Se você está achando difícil compreender isso, tente ficar de cabeça para baixo.

Essa também é uma boa posição para se apreciar a compra da Land Rover e Jaguar, da Ford, pela Tata Motors da Índia por US$ 2,3 bilhões, ou a aquisição, pela Tata Steel, no ano passado, da siderúrgica anglo-holandesa Corus Group, por US$ 12 bilhões.

A globalização agora é uma via de mão dupla; na verdade, é uma rua indiana com o tráfego insinuando-se em todas as direções.

“Em um mundo invertido, não só as economias em desenvolvimento tornaram-se forças dominantes nas exportações globais, no espaço de uns poucos anos, como suas empresas estão se transformando em importantes players na economia global, desafiando os poderosos que dominaram o cenário internacional no século 20″, disse Cláudio Frischtak, economista e consultor brasileiro.

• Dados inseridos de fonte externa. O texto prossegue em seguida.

(** (k, v) is a non-archimedean local field of characteristic 0 which is dyadic:
    v is a normalized discrete valuation, k is complete for it, the residue
    field O_k / pi O_k is finite, char k = 0 and v 2 > 0. *)
Definition dyadic_local_field : Prop :=
  (forall x y, x != 0 -> y != 0 -> v (x * y) = v x + v y) /\
      (forall x y, x != 0 -> y != 0 -> x + y != 0 ->
                    Num.min (v x) (v y) <= v (x + y)) /\
      (forall n : int, exists x, x != 0 /\ v x = n) /\
      (forall u : nat -> k,
         (forall N : int, exists m, forall p q, (m <= p)%N -> (m <= q)%N ->
              u p - u q = 0 \/ N <= v (u p - u q)) ->
         exists l, forall N : int, exists m, forall p, (m <= p)%N ->
              u p - l = 0 \/ N <= v (u p - l)) /\
      (exists s : seq k, (forall y, y \in s -> inO y) /\
         forall x, inO x -> exists2 y, y \in s & (x - y = 0 \/ 1 <= v (x - y))) /\
      (forall n : nat, n.+1%:R != 0 :> k) /\
      0 < v 2.

(** Delta is a unit of minimal quadratic defect: d(Delta) = 4 O_k, where
    d(Delta) = \bigcap_{x in k} (Delta - x^2) O_k. *)
Definition min_quad_defect_unit (Delta : k) : Prop :=
  [/\ Delta != 0, v Delta = 0 &
      forall y, (forall x, in_ideal (Delta - x ^+ 2) y) <-> in_ideal 4 y].

(** Quaternions a + b i + c j + d ij over k, with i^2 = pi, j^2 = Delta, ij = -ji. *)
Record quat := Quat { q0 : k; q1 : k; q2 : k; q3 : k }.

Variables (pi Delta : k).

Definition qmul (x y : quat) : quat :=
  let: Quat a1 b1 c1 d1 := x in let: Quat a2 b2 c2 d2 := y in
  Quat (a1 * a2 + pi * b1 * b2 + Delta * c1 * c2 - pi * Delta * d1 * d2)
       (a1 * b2 + b1 * a2 - Delta * c1 * d2 + Delta * d1 * c2)
       (a1 * c2 + c1 * a2 + pi * b1 * d2 - pi * d1 * b2)
       (a1 * d2 + d1 * a2 + b1 * c2 - c1 * b2).

Definition qscal (r : k) (x : quat) : quat :=
  Quat (r * q0 x) (r * q1 x) (r * q2 x) (r * q3 x).

Definition qopp (x : quat) : quat := qscal (-1) x.

Definition qconj (x : quat) : quat := Quat (q0 x) (- q1 x) (- q2 x) (- q3 x).

(** reduced norm  N(q) = q * conj q *)
Definition qnorm (x : quat) : k :=
  q0 x ^+ 2 - pi * q1 x ^+ 2 - Delta * q2 x ^+ 2 + pi * Delta * q3 x ^+ 2.

(** reduced trace  T(q) = q + conj q *)
Definition qtrace (x : quat) : k := 2 * q0 x.

Definition qinv (x : quat) : quat := qscal (qnorm x)^-1 (qconj x).

Definition qi : quat := Quat 0 1 0 0.
Definition qcst (r : k) : quat := Quat r 0 0 0.

Definition is_division : Prop := forall x, qnorm x = 0 -> x = Quat 0 0 0 0.

Definition pure (x : quat) : Prop := qconj x = qopp x.

(** O_D = { q : |q| <= 1 } and its units *)
Definition inOD (x : quat) : Prop := inO (qnorm x).
Definition unitOD (x : quat) : Prop :=
  [/\ x <> Quat 0 0 0 0, inOD x & inOD (qinv x)].

End Local.

(* Split N(q) = (a^2 - Delta c^2) - pi (b^2 - Delta d^2) for q = a + bi + cj + dij.
   Since Delta has minimal quadratic defect, the norm form s^2 - Delta t^2 takes
   only even valuations and v(s^2 - Delta t^2) <= 2 v(2s); so v(N q) is the
   minimum of the valuations of the two parts, and v(N q) <= 2 v(2 q0) when
   q0 != 0.  For q = eta a conj(eta) we have
   T(2 q^-1 a) = 4 q0(conj(q) a) / (N(eta)^2 N(a)), so we need v(4 q0(conj(q) a)) >= 3.
   Choose an integral scalar dl = c x0, with v(Delta - x0^2) = 2 v(2), such that
   N(a - dl) lies in pi O_k.  Then q0(conj(q) a) = q0(z) - dl^2 N(eta) where
   N(z) = N(eta)^2 N(a - dl)^2 has valuation >= 4, hence v(2 q0(z)) >= 2. *)

From HB Require Import structures.
From mathcomp Require Import all_boot all_order all_algebra zify ring.
From Stdlib Require Import Classical.
Set Implicit Arguments. Unset Strict Implicit. Unset Printing Implicit Defensive.
Import Order.TTheory GRing.Theory Num.Theory.
Local Open Scope ring_scope.

Section QuaternionIdentities.
Variables (k : fieldType) (pi Delta : k).
Local Notation qm := (qmul pi Delta).
Local Notation N := (qnorm pi Delta).

Definition normD (s t : k) : k := s ^+ 2 - Delta * t ^+ 2.

Lemma qnorm_split (z : quat k) :
  N z = normD (q0 z) (q2 z) - pi * normD (q1 z) (q3 z).
Proof. by case: z => z0 z1 z2 z3; rewrite /qnorm /normD /=; ring. Qed.

Lemma qnormM (x y : quat k) : N (qm x y) = N x * N y.
Proof.
by case: x => x0 x1 x2 x3; case: y => y0 y1 y2 y3; rewrite /qnorm /=; ring.
Qed.

Lemma qnorm_conj (x : quat k) : N (qconj x) = N x.
Proof. by case: x => x0 x1 x2 x3; rewrite /qnorm /=; ring. Qed.

Lemma qnormZ (r : k) (x : quat k) : N (qscal r x) = r ^+ 2 * N x.
Proof. by case: x => x0 x1 x2 x3; rewrite /qnorm /=; ring. Qed.

Lemma qnorm_qi : N (qi k) = - pi.
Proof. by rewrite /qnorm /=; ring. Qed.

Lemma qnorm_qinv (x : quat k) : N (qinv pi Delta x) = (N x)^-1.
Proof.
rewrite /qinv qnormZ qnorm_conj.
have [->|xn] := eqVneq (N x) 0; first by rewrite mulr0 invr0.
by rewrite expr2 -mulrA mulVf ?mulr1.
Qed.

Lemma qtrace_scal2_qinv (x y : quat k) :
  qtrace (qm (qscal 2 (qinv pi Delta x)) y) = 4 * (N x)^-1 * q0 (qm (qconj x) y).
Proof.
by case: x => x0 x1 x2 x3; case: y => y0 y1 y2 y3; rewrite /qtrace /qinv /=; ring.
Qed.

Lemma q0_pure (a : quat k) : (2 : k) != 0 -> pure a -> q0 a = 0.
Proof.
move=> n2 /(congr1 (@q0 k)) /= ha.
have : 2 * q0 a = 0 by rewrite -[RHS](subrr (q0 a)) {3}ha; ring.
by move/eqP; rewrite mulf_eq0 (negbTE n2) => /eqP.
Qed.

(* Since a is pure, conj(e a ē) = e Ā ē + dl N(e) with A = a - dl;
   expand in a = A + dl. *)
Lemma q0_conjugate_shift (e : quat k) (b c d dl : k) :
  let a := Quat 0 b c d in let A := Quat (- dl) b c d in
  q0 (qm (qconj (qm (qm e a) (qconj e))) a)
  = q0 (qm (qm (qm e (qconj A)) (qconj e)) A) - dl ^+ 2 * N e.
Proof. by case: e => e0 e1 e2 e3; rewrite /qnorm /=; ring. Qed.

End QuaternionIdentities.

Section Valuation.
Variables (k : fieldType) (v : k -> int).
Hypothesis valM : forall {x y : k}, x != 0 -> y != 0 -> v (x * y) = v x + v y.
Hypothesis val_add : forall {x y : k}, x != 0 -> y != 0 -> x + y != 0 ->
  Num.min (v x) (v y) <= v (x + y).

A mudança que está acontecendo no poder econômico tem implicações que ainda não foram captadas pelo mundo desenvolvido. Claro que o G-8 e a constituição dos membros permanentes do Conselho de Segurança da ONU precisam ser mudados para refletir essa mudança. O século 21 não poderá ser conduzido com instituições do século 20.

Isso é óbvio. Menos óbvio é saber como os Estados Unidos, que garantem a segurança global a um grande custo, começarão a dividir esse ônus, para que a nova multi-polaridade de riqueza seja refletida em uma multi-polaridade de compromissos.

A postura de lótus (em Yoga, apoiando-se sobre a cabeça) é adequada para o próximo presidente dos EUA.